-- Data records follows --

Lemma x_dist_duhamel w s t z z' : 0 <= s ->
  is_solution phi P T1 S1 f t (phi s w) z -> is_solution phi P T1 S1 f t (phi s w) z' ->
  forall r, 0 <= r <= t -> exists I,
    is_RInt (fun u => exp (mu_s w * (r - u)) * (C1 * eps w * clamped_dist t z z' u)) 0 r I /\
    x_dist (phi s w) z z' r <= exp (mu_s w * r) * x_dist (phi s w) z z' 0 + I.
Proof.
  intros hs [hzc hz] [hzc' hz'] r hr.
  destruct (hz r (proj1 hr) (proj2 hr)) as [(I & hI & hIe) _].
  destruct (hz' r (proj1 hr) (proj2 hr)) as [(I' & hI' & hIe') _].
  set (g := fun u => exp (mu_s w * (r - u)) * (C1 * eps w * clamped_dist t z z' u)).
  assert (hg : ex_RInt g 0 r).
  { apply ex_RInt_kernel_clamped_dist; [lra | exact hzc | exact hzc' |].
    intros x. auto_derive. easy. }
  exists (RInt g 0 r). split; [exact (RInt_correct _ _ _ hg) |].
  unfold x_dist.
  rewrite hIe, hIe', (@minus_plus_plus (NormedModule.AbelianGroup R_AbsRing Z)), phi_0.
  eapply Rle_trans; [apply norm_triangle | apply Rplus_le_compat].
  - apply (T1_diff_le w s r); lra.
  - refine (norm_RInt_le _ g 0 r _ _ (proj1 hr) _ (is_RInt_minus _ _ _ _ _ _ hI hI')
      (RInt_correct _ _ _ hg)).
    intros u hu. unfold g. rewrite <- phi_plus by lra.
    eapply Rle_trans; [apply T1_diff_le; lra |].
    apply Rmult_le_compat_l; [left; apply exp_pos |].
    rewrite clamped_dist_id by lra. apply P_f_diff_le. lra.
Qed.

Lemma y_dist_duhamel w s t z z' : 0 <= s ->
  is_solution phi P T1 S1 f t (phi s w) z -> is_solution phi P T1 S1 f t (phi s w) z' ->
  forall r, 0 <= r <= t -> exists J,
    is_RInt (fun u => exp (- mu_u w * (u - r)) * (C1 * eps w * clamped_dist t z z' u)) r t J /\
    y_dist (phi s w) z z' r <= exp (- mu_u w * (t - r)) * y_dist (phi s w) z z' t + J.
Proof.
  intros hs [hzc hz] [hzc' hz'] r hr.
  destruct (hz r (proj1 hr) (proj2 hr)) as [_ (J & hJ & hJe)].
  destruct (hz' r (proj1 hr) (proj2 hr)) as [_ (J' & hJ' & hJe')].
  set (g := fun u => exp (- mu_u w * (u - r)) * (C1 * eps w * clamped_dist t z z' u)).
  assert (hg : ex_RInt g r t).
  { apply ex_RInt_kernel_clamped_dist; [lra | exact hzc | exact hzc' |].
    intros x. auto_derive. easy. }
  assert (hphi_r : phi r (phi s w) = phi (r + s) w) by (symmetry; apply phi_plus; lra).
  assert (hphi_u : forall u, r <= u -> phi u (phi s w) = phi (u - r) (phi (r + s) w)).
  { intros u hu. rewrite <- !phi_plus by lra. f_equal. ring. }
  exists (RInt g r t). split; [exact (RInt_correct _ _ _ hg) |].
  unfold y_dist. rewrite hJe, hJe', (@minus_minus_minus (NormedModule.AbelianGroup R_AbsRing Z)).
  eapply Rle_trans; [apply norm_minus_le | apply Rplus_le_compat].
  - rewrite hphi_r, (hphi_u t) by lra. apply (S1_diff_le w (r + s) (t - r)); lra.
  - refine (norm_RInt_le _ g r t _ _ (proj2 hr) _ (is_RInt_minus _ _ _ _ _ _ hJ hJ')
      (RInt_correct _ _ _ hg)).
    intros u hu. unfold g. rewrite hphi_r, (hphi_u u) by lra.
    eapply Rle_trans; [apply S1_diff_le; lra |].
    apply Rmult_le_compat_l; [left; apply exp_pos |].
    rewrite <- (hphi_u u), <- phi_plus, clamped_dist_id by lra. apply Pc_f_diff_le. lra.
Qed.

Lemma fibre_dists_bounded w t z z' : 0 <= t ->
  continuous_on_segment t z -> continuous_on_segment t z' ->
  exists K, forall r, 0 <= r <= t -> x_dist w z z' r <= K /\ y_dist w z z' r <= K.
Proof.
  intros ht hz hz'.
  destruct (continuity_ab_maj (clamped_dist t z z') 0 t ht) as (xN & hxN & _).
  { intros x _. apply clamped_dist_continuous; assumption. }
  exists (C1 * clamped_dist t z z' xN). intros r hr.
  assert (hN : C1 * norm (minus (z r) (z' r)) <= C1 * clamped_dist t z z' xN).
  { rewrite <- (clamped_dist_id t z z' r hr).
    apply Rmult_le_compat_l; [exact C1_ge0 | apply hxN, hr]. }
  unfold x_dist, y_dist. rewrite <- linear_minus, <- Pc_minus by apply P_lin.
  split; eapply Rle_trans; [apply P_bound | | apply Pc_bound |]; exact hN.
Qed.

Lemma clamped_dist_le_fibre_dists w t z z' r : 0 <= r <= t ->
  clamped_dist t z z' r <= x_dist w z z' r + y_dist w z z' r.
Proof.
  intros hr. rewrite clamped_dist_id by exact hr. unfold x_dist, y_dist, Pc.
  rewrite (@minus_decompose (NormedModule.AbelianGroup R_AbsRing Z)
    (P (phi r w) (z r)) (P (phi r w) (z' r))).
  apply norm_triangle.
Qed.
(* Let $T$ be a TCD map on a minimal BTB graph $G$ and $H$ a hyperplane. Suppose $\tilde T$ is obtained from $T$ by a local move, and $H$ is generic with respect to both $T$ and $\tilde T$. If the move is a resplit at an internal white vertex $w_0$, then the affine cluster structure of $\tilde T$ with respect to $H$ is obtained from that of $T$ by mutation at $w_0$ (identifying $\tilde w_0$ with $w_0$ and all other white vertices with themselves). If the move is a spider move, the affine cluster structure with respect to $H$ is unchanged.
   Context: A BTB graph is a finite planar bipartite graph $G$ (black $B$, white $W$) in a closed disk or cactus. It has boundary white vertices $w_1^\partial,\dots,w_n^\partial$ in clockwise order on the boundary, and every black vertex has degree $3$. Minimality: with zig-zag paths turning maximally left at white and right at black vertices, none is closed, none traverses an edge twice, and no two both traverse two distinct edges $e_1$ then $e_2$. A TCD map is $T:W\to\mathbb{CP}^d$ such that the three neighbours of each black vertex have pairwise distinct collinear images. A hyperplane $H=\mathbb P(\ker h)$ is generic with respect to $T$ if it contains no $T(w)$. A VRC in affine gauge with respect to $H$ consists of lifts $V(w)$ with $h(V(w))=1$ and edge weights $\mu$ with $\sum_{w\sim b}\mu(bw)V(w)=0$; then $\sum_{w\sim b}\mu(bw)=0$. Affine cluster structure. The quiver has a vertex per white vertex, mutable if internal and frozen if boundary. For each black vertex with neighbours $w_1,w_2,w_3$ in clockwise order, add arrows $w_1\to w_2\to w_3\to w_1$; add arrows $w^\partial_{i+1}\to w^\partial_i$; delete oriented $2$-cycles. For an internal white vertex $w$ with black neighbours $b_1,\dots,b_m$ in counterclockwise order, and $w_i,w_i'$ the other neighbours of $b_i$ with counterclockwise order $w,w_i,w_i'$ around $b_i$, set $Y_w=(-1)^{m+1}\prod_i\mu(b_iw_i')/\mu(b_iw_i)$ in affine gauge. Moves. Resplit: at a degree-$2$ internal white vertex $w_0$ with black neighbours $b$ (other neighbours $w_1,w_2$) and $b'$ (other neighbours $w_3,w_4$), with $w_1,w_4$ on one face containing $b,w_0,b'$ and $w_2,w_3$ on the other. It replaces $w_0,b,b'$ by $\tilde w_0$ and black vertices adjacent to $\{\tilde w_0,w_1,w_4\}$ and $\{\tilde w_0,w_2,w_3\}$. Writing $V(w_0)=\alpha_1V(w_1)+\alpha_2V(w_2)=\alpha_3V(w_3)+\alpha_4V(w_4)$, set $\tilde T(\tilde w_0)=[\alpha_1V(w_1)-\alpha_4V(w_4)]$; other points are unchanged. Spider move: at an internal face with boundary $w_1,b,w_3,b'$, with third neighbours $w_2$ of $b$ and $w_4$ of $b'$. It replaces $b,b'$ by black vertices adjacent to $\{w_1,w_2,w_4\}$ and $\{w_3,w_2,w_4\}$ and keeps all points. Mutation at $v$. With $\nu(a,c)=\#(a\to c)-\#(c\to a)$: $\nu'(a,c)=-\nu(a,c)$ if $v\in\{a,c\}$, and otherwise $\nu'(a,c)=\nu(a,c)+\max(0,\nu(a,v))\max(0,\nu(v,c))-\max(0,\nu(c,v))\max(0,\nu(v,a))$. The variables transform as $Y'_v=Y_v^{-1}$; $Y'_u=Y_u(1+Y_v)^{\nu(v,u)}$ if $\nu(v,u)>0$; $Y'_u=Y_u(1+Y_v^{-1})^{-\nu(u,v)}$ if $\nu(u,v)>0$; and $Y'_u=Y_u$ otherwise. *)

From Stdlib Require Import Reals.
From HB Require Import structures.
From mathcomp Require Import all_boot all_order all_algebra all_fingroup.
From mathcomp Require Import complex Rstruct.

-- Data records concluded --

Problem to work on |
Set down, unchanged, only those lines above that fall between the line with "eapply Rle_trans; [apply norm_triangle" and the line with "u hu. rewrite", the two end lines included.

Answer to the problem |
  eapply Rle_trans; [apply norm_triangle | apply Rplus_le_compat].
  - apply (T1_diff_le w s r); lra.
  - refine (norm_RInt_le _ g 0 r _ _ (proj1 hr) _ (is_RInt_minus _ _ _ _ _ _ hI hI')
      (RInt_correct _ _ _ hg)).
    intros u hu. unfold g. rewrite <- phi_plus by lra.
    eapply Rle_trans; [apply T1_diff_le; lra |].
    apply Rmult_le_compat_l; [left; apply exp_pos |].
    rewrite clamped_dist_id by lra. apply P_f_diff_le. lra.
Qed.

Lemma y_dist_duhamel w s t z z' : 0 <= s ->
  is_solution phi P T1 S1 f t (phi s w) z -> is_solution phi P T1 S1 f t (phi s w) z' ->
  forall r, 0 <= r <= t -> exists J,
    is_RInt (fun u => exp (- mu_u w * (u - r)) * (C1 * eps w * clamped_dist t z z' u)) r t J /\
    y_dist (phi s w) z z' r <= exp (- mu_u w * (t - r)) * y_dist (phi s w) z z' t + J.
Proof.
  intros hs [hzc hz] [hzc' hz'] r hr.
  destruct (hz r (proj1 hr) (proj2 hr)) as [_ (J & hJ & hJe)].
  destruct (hz' r (proj1 hr) (proj2 hr)) as [_ (J' & hJ' & hJe')].
  set (g := fun u => exp (- mu_u w * (u - r)) * (C1 * eps w * clamped_dist t z z' u)).
  assert (hg : ex_RInt g r t).
  { apply ex_RInt_kernel_clamped_dist; [lra | exact hzc | exact hzc' |].
    intros x. auto_derive. easy. }
  assert (hphi_r : phi r (phi s w) = phi (r + s) w) by (symmetry; apply phi_plus; lra).
  assert (hphi_u : forall u, r <= u -> phi u (phi s w) = phi (u - r) (phi (r + s) w)).
  { intros u hu. rewrite <- !phi_plus by lra. f_equal. ring. }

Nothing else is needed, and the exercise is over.